Comentário editorial
Nesta leitura jurisprudencial, a decisão é situada por classe, competência e órgão julgador. O registro corresponde a RHC, apreciado por SEXTA TURMA, sob relatoria de SEBASTIÃO REIS JÚNIOR. Esses elementos ajudam a avaliar o alcance processual do pronunciamento.

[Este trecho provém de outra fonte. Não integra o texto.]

Let integrable_coord_diff_weight (i : 'I_d) :
  f.-integrable A (EFin \o (fun u => (tnth u i - tnth v i) * w u)).
Proof.
apply: (integrable_weighted (G := M i + `|tnth v i|)) => [|u /coord_dist_le //].
by apply: measurable_funB => //; exact: measurable_tnth.
Qed.

Let integrable_dist : f.-integrable A (EFin \o (fun u => eucl_dist u v)).
Proof. exact (integrable_bounded f mA (measurable_eucl_dist v) dist_le). Qed.

Let integrable_dist_weight :
  f.-integrable A (EFin \o (fun u => eucl_dist u v * w u)).
Proof. exact: integrable_weighted (measurable_eucl_dist v) dist_le. Qed.

Lemma weighted_mean_coordE (i : 'I_d) : Z != 0 ->
  Z * (tnth (weighted_mean f w) i - tnth v i) =
  \int[f]_(u in A) ((tnth u i - tnth v i) * w u).
Proof.
move=> Z_neq0; rewrite tnth_mktuple (Rintegral_setT_conull mA fAC mw).
rewrite (Rintegral_setT_conull mA fAC (measurable_coord_weight i)) -/Z.
under [RHS]eq_Rintegral do rewrite mulrBl.
rewrite RintegralB ?RintegralZl ?integrableZl_EFin //.
by rewrite mulrBr mulrCA mulfV // mulr1 [Z * _]mulrC.
Qed.

Lemma weighted_mean_dist_le : 0 < Z ->
  Z * eucl_dist (weighted_mean f w) v <= \int[f]_(u in A) (eucl_dist u v * w u).
Proof.
move=> Z_gt0; pose x i := tnth (weighted_mean f w) i - tnth v i.
have -> : eucl_dist (weighted_mean f w) v = Num.sqrt (\sum_i x i ^+ 2) by [].
set n := Num.sqrt _.
have [n0 | n_neq0] := eqVneq n 0.
  rewrite n0 mulr0; apply: Rintegral_ge0 => u Au.
  by rewrite mulr_ge0 ?eucl_dist_ge0 ?w_ge0.
have n_gt0 : 0 < n by rewrite lt0r n_neq0 sqrtr_ge0.
pose h i u := x i * ((tnth u i - tnth v i) * w u).
have ih i : f.-integrable A (EFin \o h i) by exact: integrableZl_EFin.
have Zn2 : Z * n ^+ 2 = \int[f]_(u in A) (\sum_i h i u).
  rewrite Rintegral_sum // sqr_sqrtr ?sumr_ge0 // => [|i _]; last exact: sqr_ge0.
  rewrite mulr_sumr; apply: eq_bigr => i _.
  by rewrite RintegralZl // -weighted_mean_coordE ?gt_eqF // /x; ring.
suff : Z * n ^+ 2 <= n * \int[f]_(u in A) (eucl_dist u v * w u).
  by rewrite expr2 mulrCA ler_pM2l.
rewrite Zn2 -RintegralZl //; apply: le_Rintegral; rewrite ?integrableZl_EFin //.
  apply: (eq_integrable mA _ _ _ (integrable_sum mA (index_enum 'I_d) (P := predT) (fun i _ => ih i))).
  by move=> u _ /=; rewrite sumEFin.
move=> u Au; rewrite /h (eq_bigr (fun i => x i * (tnth u i - tnth v i) * w u)).
  by rewrite -mulr_suml mulrA ler_wpM2r ?w_ge0 // sum_mul_le_sqrt.
by move=> i _; rewrite mulrA.
Qed.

O precedente deve ser confrontado com a moldura fática, a questão jurídica decidida, eventuais requisitos de admissibilidade e a legislação mencionada. Os destaques abaixo funcionam como mapa de leitura da ementa, não como substituto do inteiro teor ou de pesquisa sobre decisões posteriores.
Pontos centrais da ementa
- RECUSA MINISTERIAL FUNDADA EM VEDAÇÃO OBJETIVA DO ART.
- PEDIDO DE REMESSA AO ÓRGÃO SUPERIOR DO MINISTÉRIO PÚBLICO.
- VEDAÇÃO OBJETIVA QUE JUSTIFICA A AUSÊNCIA DE REMESSA.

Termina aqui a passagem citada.